Racial composition as of the 2020 census
| Race | Percent |
|---|---|
| White | 86.0% |
| Black or African American | 1.8% |
| American Indian and Alaska Native | 1.6% |
| Asian | 0% |
| Native Hawaiian and Other Pacific Islander | 0.3% |
| Some other race | 1.6% |
| Two or more races | 8.7% |
| Hispanic or Latino (of any race) | 4.6% |

===2000 census===

As of the census of 2000, there were 896 people, 364 households, and 263 families residing in the city. The population density was 1,072.4 PD/sqmi. There were 437 housing units at an average density of 523.1 /sqmi. The racial makeup of the city was 93.53% White, 3.57% Native American, 0.22% Asian, 0.11% Pacific Islander, 0.11% from other races, and 2.46% from two or more races. Hispanic or Latino of any race were 1.00% of the population.

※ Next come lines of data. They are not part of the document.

(* Consider the delayed online learning protocol of the context. Assume that the maximum delay is bounded by $\tau$ (i.e. $\{1,\dots,t-\tau-1\}\subset\mathcal S_t$ for all $t$), that $\|g_t\|_*\le G$ for all $t$, and that the sequence of active feedback sets is non-decreasing, $\mathcal S_t\subset\mathcal S_{t+1}$ for all $t$. Let DDA be run with \[\eta_t=\frac{r}{\sqrt{\widetilde L_t+G^2(2\tau^2+3\tau+1)}}.\] Then for every $p\in\mathcal X$ with $h(p)\le r^2$, \[R_T(p)\le 2r\sqrt{\widetilde L_T+G^2(2\tau^2+3\tau+1)}\le 2r\sqrt{L_T+G^2(2\tau^2+3\tau+1)}.\]
   Context: Let $\mathcal V$ be a finite-dimensional real vector space with norm $\|\cdot\|$ and dual norm $\|\cdot\|_*$, and $\mathcal X\subset\mathcal V$ closed convex. A regularizer $h:\mathcal V\to\mathbb R\cup\{+\infty\}$ is lower semicontinuous, $1$-strongly convex w.r.t. $\|\cdot\|$ on $\mathcal X$, with $\mathcal X\subset\operatorname{dom}h$, whose subdifferential admits a continuous selection, and $h\ge0$. Protocol: at each round $t=1,\dots,T$ one agent $i(t)$ is active, plays $x_t\in\mathcal X$, incurs $f_t(x_t)$ ($f_t$ convex, $\mathcal X\subset\operatorname{dom}\partial f_t$); a subgradient $g_t\in\partial f_t(x_t)$ is revealed later. $\mathcal S^i_t\subset\{1,\dots,t-1\}$: timestamps of subgradients available to agent $i$ at time $t$, nondecreasing in $t$; $\mathcal S_t=\mathcal S^{i(t)}_t$, $\mathcal U_t=\{1,\dots,t-1\}\setminus\mathcal S_t$. DDA: $x_t=\arg\min_{x\in\mathcal X}\{\sum_{s\in\mathcal S_t}\langle g_s,x\rangle+h(x)/\eta_t\}$. Regret: $R_T(p)=\sum_{t}f_t(x_t)-\sum_tf_t(p)$. Lag: $L_t=\sum_{s=1}^t\big(\|g_s\|_*^2+2\|g_s\|_*\sum_{q\in\mathcal U_s}\|g_q\|_*\big)$. Arrival order: since the $\mathcal S_t$ are nested, fix a permutation $\sigma$ of $\{1,\dots,T\}$ such that for every $t$, $\mathcal S_t=\{\sigma(1),\dots,\sigma(|\mathcal S_t|)\}$ ($g_{\sigma(k)}$ is the $k$-th received subgradient; ties broken arbitrarily). Let $\mathcal R_t=\{\sigma(1),\dots,\sigma(\sigma^{-1}(t)-1)\}$ (timestamps of feedback received before $g_t$), and \[\widetilde L_t=\sum_{s\in\mathcal S_t}\Big(\|g_s\|_*^2+2\|g_s\|_*\sum_{q\in\mathcal R_s\setminus\mathcal S_s}\|g_q\|_*\Big).\] *)

From HB Require Import structures.
From mathcomp Require Import all_boot all_order all_algebra.
From mathcomp Require Import all_classical all_reals all_analysis.
Set Implicit Arguments. Unset Strict Implicit. Unset Printing Implicit Defensive.
Import Order.TTheory GRing.Theory Num.Theory.
Import numFieldNormedType.Exports.
Local Open Scope classical_set_scope.
Local Open Scope ring_scope.

(* The finite-dimensional real vector space V is modelled as R^n = 'rV[R]_n;
   its dual is identified with R^n via the standard pairing [dot]. *)
Section Defs.
Variables (R : realType) (n : nat).
Notation vec := 'rV[R]_n.

Definition dot (g x : vec) : R := \sum_(i < n) g ord0 i * x ord0 i.

Definition is_norm (nrm : vec -> R) : Prop :=
  [/\ forall x y, nrm (x + y) <= nrm x + nrm y,
      forall (a : R) x, nrm (a *: x) = `|a| * nrm x &
      forall x, nrm x = 0 -> x = 0].

Definition dual_norm (nrm : vec -> R) (g : vec) : R :=
  sup [set dot g x | x in [set x | nrm x <= 1]].

Definition cvx_set (X : set vec) : Prop :=
  forall (x y : vec) (l : R), X x -> X y -> 0 <= l <= 1 -> X (l *: x + (1 - l) *: y).

Definition convex_efun (f : vec -> \bar R) : Prop :=
  forall (x y : vec) (l : R), 0 <= l <= 1 ->
    (f (l *: x + (1 - l) *: y)%R <= l%:E * f x + (1 - l)%:E * f y)%E.

Definition edom (f : vec -> \bar R) : set vec := [set x | (f x < +oo)%E].

Definition subdiff (f : vec -> \bar R) (x : vec) : set vec :=
  [set g | f x \is a fin_num /\ forall y, (f x + (dot g (y - x))%:E <= f y)%E].

Definition dom_subdiff (f : vec -> \bar R) : set vec :=
  [set x | exists g, subdiff f x g].

Definition strongly_convex_on (nrm : vec -> R) (X : set vec) (h : vec -> \bar R) :=
  forall (x y : vec) (l : R), X x -> X y -> 0 <= l <= 1 ->
    (h (l *: x + (1 - l) *: y)%R <=
       l%:E * h x + (1 - l)%:E * h y - (l * (1 - l) / 2 * nrm (x - y) ^+ 2)%:E)%E.

Definition continuous_selection (h : vec -> \bar R) : Prop :=
  exists s : vec -> vec,
    (forall x, dom_subdiff h x -> subdiff h x (s x)) /\
    {within dom_subdiff h, continuous s}.

Definition card_upto (S : pred nat) (t : nat) : nat :=
  size [seq s <- iota 1 t.-1 | S s].

(* R_t: timestamps q in {1..T} received before g_t in the arrival order
   sigma (a permutation of {1..T}), i.e. q = sigma k, t = sigma j, k < j. *)
Definition recv_before (sigma : nat -> nat) (T t q : nat) : bool :=
  has (fun k => (sigma k == q) &&
        has (fun j => (sigma j == t) && (k < j)%N) (iota 1 T)) (iota 1 T).

Definition Ltilde (nrm : vec -> R) (g : nat -> vec) (S : nat -> pred nat)
    (sigma : nat -> nat) (T t : nat) : R :=
  \sum_(1 <= s < t | S t s)
     (dual_norm nrm (g s) ^+ 2 +
      2 * dual_norm nrm (g s) *
        \sum_(1 <= q < T.+1 | recv_before sigma T s q && ~~ S s q)
            dual_norm nrm (g q)).

(* L_t, with U_s = {1..s-1} \ S_s *)
Definition Llag (nrm : vec -> R) (g : nat -> vec) (S : nat -> pred nat)
    (t : nat) : R :=
  \sum_(1 <= s < t.+1)
     (dual_norm nrm (g s) ^+ 2 +
      2 * dual_norm nrm (g s) *
        \sum_(1 <= q < s | ~~ S s q) dual_norm nrm (g q)).

Definition dda_obj (g : nat -> vec) (S : nat -> pred nat) (h : vec -> \bar R)
    (eta : nat -> R) (t : nat) (y : vec) : \bar R :=
  ((\sum_(1 <= s < t | S t s) dot (g s) y)%:E + h y * ((eta t)^-1)%:E)%E.

Definition regret (f : nat -> vec -> \bar R) (x : nat -> vec) (T : nat) (p : vec) : R :=
  \sum_(1 <= t < T.+1) (fine (f t (x t)) - fine (f t p)).

End Defs.

From HB Require Import structures.
From mathcomp Require Import all_boot all_order all_algebra.
From mathcomp Require Import all_classical all_reals all_analysis.
From mathcomp Require Import ring lra zify.
Set Implicit Arguments. Unset Strict Implicit. Unset Printing Implicit Defensive.
Import Order.TTheory GRing.Theory Num.Theory.
Import numFieldNormedType.Exports.
Local Open Scope classical_set_scope.
Local Open Scope ring_scope.

(* Let z_t be the undelayed iterate, minimising <sum_(s < t) g_s, y> + h(y)/eta_t
   over X; it exists because h is lower semicontinuous and, being strongly convex,
   coercive.  Strong convexity gives quadratic growth around such minimisers, which
   yields the follow-the-regularised-leader bound
     sum_t (<g_t, z_t> - eta_t ||g_t||_*^2 / 2) <= <sum_t g_t, p> + h(p)/eta_T
   and makes the minimiser eta-Lipschitz in the linear term, so that
   ||x_t - z_t|| <= eta_t sum_(q in U_t) ||g_q||_*.  Hence
   R_T(p) <= h(p)/eta_T + sum_t eta_t lambda_t / 2, lambda_t = L_t - L_(t-1).
   Writing L_t and Ltilde_t as sums of w_s w_q over ordered pairs of rounds, the
   arrival order orients every pair seen at time t, which gives Ltilde_T <= L_T and
   L_t <= Ltilde_t + G^2 (2 tau^2 + 3 tau + 1), the pairs not seen at time t lying in
   the delay window.  With eta_t = r / sqrt(Ltilde_t + c) the sum telescopes to at
   most r sqrt(Ltilde_T + c). *)

Lemma normr_coord_le (R : realType) n (x : 'rV[R]_n) i : `|x ord0 i| <= `|x|.
Proof.
rewrite [X in _ <= X]/Num.norm /= mx_normrE.
exact: (@le_bigmax _ _ _ 0 (fun ij : 'I_1 * 'I_n => `|x ij.1 ij.2|) (ord0, i)).
Qed.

There were 364 households, out of which 32.7% had children under the age of 18 living with them, 60.7% were married couples living together, 8.0% had a female householder with no husband present, and 27.7% were non-families. 25.3% of all households were made up of individuals, and 12.9% had someone living alone who was 65 years of age or older. The average household size was 2.46 and the average family size was 2.94.

In the city, the population was spread out, with 27.3% under the age of 18, 6.9% from 18 to 24, 27.0% from 25 to 44, 22.7% from 45 to 64, and 16.1% who were 65 years of age or older. The median age was 38 years. For every 100 females, there were 90.2 males. For every 100 females age 18 and over, there were 89.8 males.

The median income for a household in the city was $30,515, and the median income for a family was $36,346. Males had a median income of $30,682 versus $19,097 for females. The per capita income for the city was $17,456. About 13.6% of families and 17.3% of the population were below the poverty line, including 27.5% of those under age 18 and 14.3% of those age 65 or over.